§ **REQUIRED WORK**:
Look through the entries below and extract exactly the lines from the one containing "Lemma modulus_int_unit i" through the one containing "rewrite coprime_pexpl // prime_coprime", ends included.

*** ENTRIES SHOWN

(* With the coordinatewise product, P is a commutative ring and G a subring
   closed under coordinatewise inversion.  Since G contains T and its elements
   vanishing at coordinate i are divisible in G by p_i^i, every endomorphism of
   G is multiplication by some a in G.  Such an a satisfies k a = m off a finite
   set, so it is eventually 0 or eventually a unit; its non-unit coordinates are
   therefore nilpotent of bounded exponent N and the images of a^n stabilise at
   n = N.  Modulo T, G is rational of rank one: an endomorphism of G/T is zero or
   onto, so the images stabilise at n = 1.  Finally, multiplying coordinate n by
   p_n separates the n-th and (n+1)-st images, because p_n^n <> 0 = p_n^(n+1) in
   Z(p_n^(n+1)); doing so in every coordinate is an endomorphism of T, and doing
   so in a single coordinate is an endomorphism of G, which rules out a uniform
   bound. *)

Set Implicit Arguments. Unset Strict Implicit. Unset Printing Implicit Defensive.
Import Order.TTheory GRing.Theory Num.Theory.
Local Open Scope ring_scope.

Section ImageMod.
Variables (V : zmodType) (S K : V -> Prop) (f : V -> V).
Hypothesis fS : forall x, S x -> S (f x).

Lemma iter_stable n x : S x -> S (iter n f x).
Proof. by elim: n => [|n IH] //= /IH; apply: fS. Qed.

Lemma image_mod_succ n y : image_mod S K f n.+1 y -> image_mod S K f n y.
Proof.
by case=> Sy [x Sx Kx]; split=> //; exists (f x); rewrite -?iterSr //; apply: fS.
Qed.

Lemma image_mod_stable n :
  (forall y, image_mod S K f n y -> image_mod S K f n.+1 y) ->
  forall y, image_mod S K f n y <-> image_mod S K f n.+1 y.
Proof. by move=> h y; split; [apply: h | apply: image_mod_succ]. Qed.

End ImageMod.

Lemma image_mod0P (V : zmodType) (S : V -> Prop) f n y :
  image_mod S (@zero_sub V) f n y <-> S y /\ exists2 x, S x & y = iter n f x.
Proof.
rewrite /image_mod /zero_sub.
split=> -[Sy [x Sx e]]; split=> //; exists x => //; last by rewrite e subrr.
by apply/eqP; rewrite -subr_eq0; apply/eqP.
Qed.

Lemma endo_mod0P (V : zmodType) (S : V -> Prop) f :
  endo_mod S (@zero_sub V) f <->
  (forall x, S x -> S (f x)) /\ (forall x y, S x -> S y -> f (x + y) = f x + f y).
Proof.
rewrite /endo_mod /zero_sub; split=> [[fS fD _] | [fS fD]].
  by split=> // x y Sx Sy; apply/eqP; rewrite -subr_eq0; apply/eqP; apply: fD.
split=> // x y Sx Sy; first by rewrite fD // subrr.
by move/eqP; rewrite subr_eq0 => /eqP->; rewrite subrr.
Qed.

Lemma next_prime_spec m : (m < next_prime m)%N /\ prime (next_prime m).
Proof. by rewrite /next_prime; case: ex_minnP => p /andP[]. Qed.

Lemma nth_prime_prime i : prime (nth_prime i).
Proof. by case: i => [|i] //=; case: (next_prime_spec (nth_prime i)). Qed.

Lemma nth_prime_ltS i : (nth_prime i < nth_prime i.+1)%N.
Proof. exact: (next_prime_spec _).1. Qed.

Lemma nth_prime_ge i : (i.+2 <= nth_prime i)%N.
Proof. by elim: i => [|i IH] //; have := nth_prime_ltS i; lia. Qed.

Lemma nth_prime_inj : injective nth_prime.
Proof.
move=> i j eq_ij; have lt := homo_ltn ltn_trans nth_prime_ltS.
by case: (ltngtP i j) => // /lt; rewrite eq_ij ltnn.
Qed.

Lemma coprime_modulus i j : i != j -> coprime (modulus i) (modulus j).
Proof.
move=> ne_ij; rewrite coprime_pexpl // coprime_pexpr //.
by rewrite prime_coprime ?dvdn_prime2 ?nth_prime_prime // (inj_eq nth_prime_inj).
Qed.

Lemma Zp_nat_eq0 n m : (1 < n)%N -> ((m%:R : 'Z_n) == 0) = (n %| m)%N.
Proof. by move=> n_gt1; rewrite -(inj_eq val_inj) /= val_Zp_nat. Qed.

Lemma Zp_int_unit n (c : int) :
  (1 < n)%N -> coprime n `|c| -> (c%:~R : 'Z_n) \is a GRing.unit.
Proof.
by move=> n_gt1; case: c => m /= h; rewrite ?NegzE ?mulrNz ?unitrN unitZpE.
Qed.

Lemma Zp_nonunit_nilpotent p k (a : 'Z_(p ^ k)) : prime p -> (0 < k)%N ->
  a \isn't a GRing.unit -> a ^+ k = 0.
Proof.
move=> p_pr k_gt0; have pk_gt1 : (1 < p ^ k)%N.
  by rewrite -(exp1n k) ltn_exp2r ?prime_gt1.
rewrite -(natr_Zp a) unitZpE // coprime_pexpl // prime_coprime // negbK => p_dvd.
by apply/eqP; rewrite -natrX Zp_nat_eq0 // dvdn_exp2r.
Qed.

Local Notation R i := 'Z_(modulus i).

Lemma modulus_int_unit i (c : int) :
  c != 0 -> (`|c| < i)%N -> (c%:~R : R i) \is a GRing.unit.
Proof.
move=> c_neq0 c_lt; apply: Zp_int_unit; first exact: modulus_gt1.
rewrite coprime_pexpl // prime_coprime ?nth_prime_prime //.
apply/negP => /dvdn_leq; have := nth_prime_ge i; rewrite absz_gt0 c_neq0; lia.
Qed.

Lemma Pext (x y : P) : (forall i, x i = y i) -> x = y.
Proof. exact: functional_extensionality_dep. Qed.

Definition P_mul (x y : P) : P := fun i => x i * y i.

Lemma P_mulA : associative P_mul.
Proof. by move=> x y z; apply: Pext => i; apply: mulrA. Qed.
Lemma P_mulC : commutative P_mul.
Proof. by move=> x y; apply: Pext => i; apply: mulrC. Qed.
Lemma P_mul1 : left_id zvec P_mul.
Proof. by move=> x; apply: Pext => i; apply: mul1r. Qed.
Lemma P_mulDl : left_distributive P_mul +%R.
Proof. by move=> x y z; apply: Pext => i; apply: mulrDl. Qed.
Lemma P_one_neq0 : zvec != 0.
Proof. by apply/eqP => /(congr1 (fun x : P => x 0%N))/eqP; rewrite oner_eq0. Qed.

HB.instance Definition _ :=
  GRing.Zmodule_isComNzRing.Build P P_mulA P_mulC P_mul1 P_mulDl P_one_neq0.

Lemma P_addE (x y : P) i : (x + y) i = x i + y i. Proof. by []. Qed.
Lemma P_oppE (x : P) i : (- x) i = - x i. Proof. by []. Qed.
Lemma P_subE (x y : P) i : (x - y) i = x i - y i. Proof. by []. Qed.
Lemma P_mulE (x y : P) i : (x * y) i = x i * y i. Proof. by []. Qed.
Lemma P_1E i : (1 : P) i = 1. Proof. by []. Qed.

Lemma P_mulrnE (x : P) n i : (x *+ n) i = x i *+ n.
Proof. by elim: n => [|n IH]; rewrite ?mulr0n // !mulrS P_addE IH. Qed.

Lemma P_mulrzE (x : P) c i : (x *~ c) i = x i *~ c.
Proof.
case: c => n; first exact: P_mulrnE.
by rewrite NegzE !mulrNz P_oppE; congr (- _); apply: (P_mulrnE x n.+1).
Qed.

Lemma P_exprE (x : P) n i : (x ^+ n) i = x i ^+ n.
Proof. by elim: n => [|n IH]; rewrite ?expr0 // !exprS P_mulE IH. Qed.

Lemma P_intrE (c : int) i : (c%:~R : P) i = c%:~R.
Proof. exact: P_mulrzE. Qed.

Definition delta (i : nat) : P := fun j => (i == j)%:R.

Lemma delta_id i : delta i i = 1.
Proof. by rewrite /delta eqxx. Qed.

Lemma Tsub0 : Tsub 0.
Proof. by exists 0%N. Qed.

Lemma TsubD x y : Tsub x -> Tsub y -> Tsub (x + y).
Proof.
move=> [N1 x0] [N2 y0]; exists (maxn N1 N2) => i le_i.
by rewrite P_addE x0 ?y0 ?addr0 //; lia.
Qed.

Lemma TsubMr x y : Tsub x -> Tsub (x * y).
Proof. by move=> [N x0]; exists N => i le_i; rewrite P_mulE x0 ?mul0r. Qed.

Lemma TsubMl x y : Tsub y -> Tsub (x * y).
Proof. by rewrite mulrC; apply: TsubMr. Qed.

Lemma TsubMz x c : Tsub x -> Tsub (x *~ c).
Proof. by rewrite -mulrzr; apply: TsubMr. Qed.

Lemma TsubN x : Tsub x -> Tsub (- x).
Proof. by rewrite -mulrN1z; apply: TsubMz. Qed.

Lemma TsubB x y : Tsub x -> Tsub y -> Tsub (x - y).
Proof. by move=> Tx Ty; apply/TsubD/TsubN. Qed.

Lemma Tsub_delta i : Tsub (delta i).
Proof.
by exists i.+1 => j lt_ij; rewrite /delta; case: eqP => // eq_ij; exfalso; lia.
Qed.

******

§ **RESULT**:
Lemma modulus_int_unit i (c : int) :
  c != 0 -> (`|c| < i)%N -> (c%:~R : R i) \is a GRing.unit.
Proof.
move=> c_neq0 c_lt; apply: Zp_int_unit; first exact: modulus_gt1.
rewrite coprime_pexpl // prime_coprime ?nth_prime_prime //.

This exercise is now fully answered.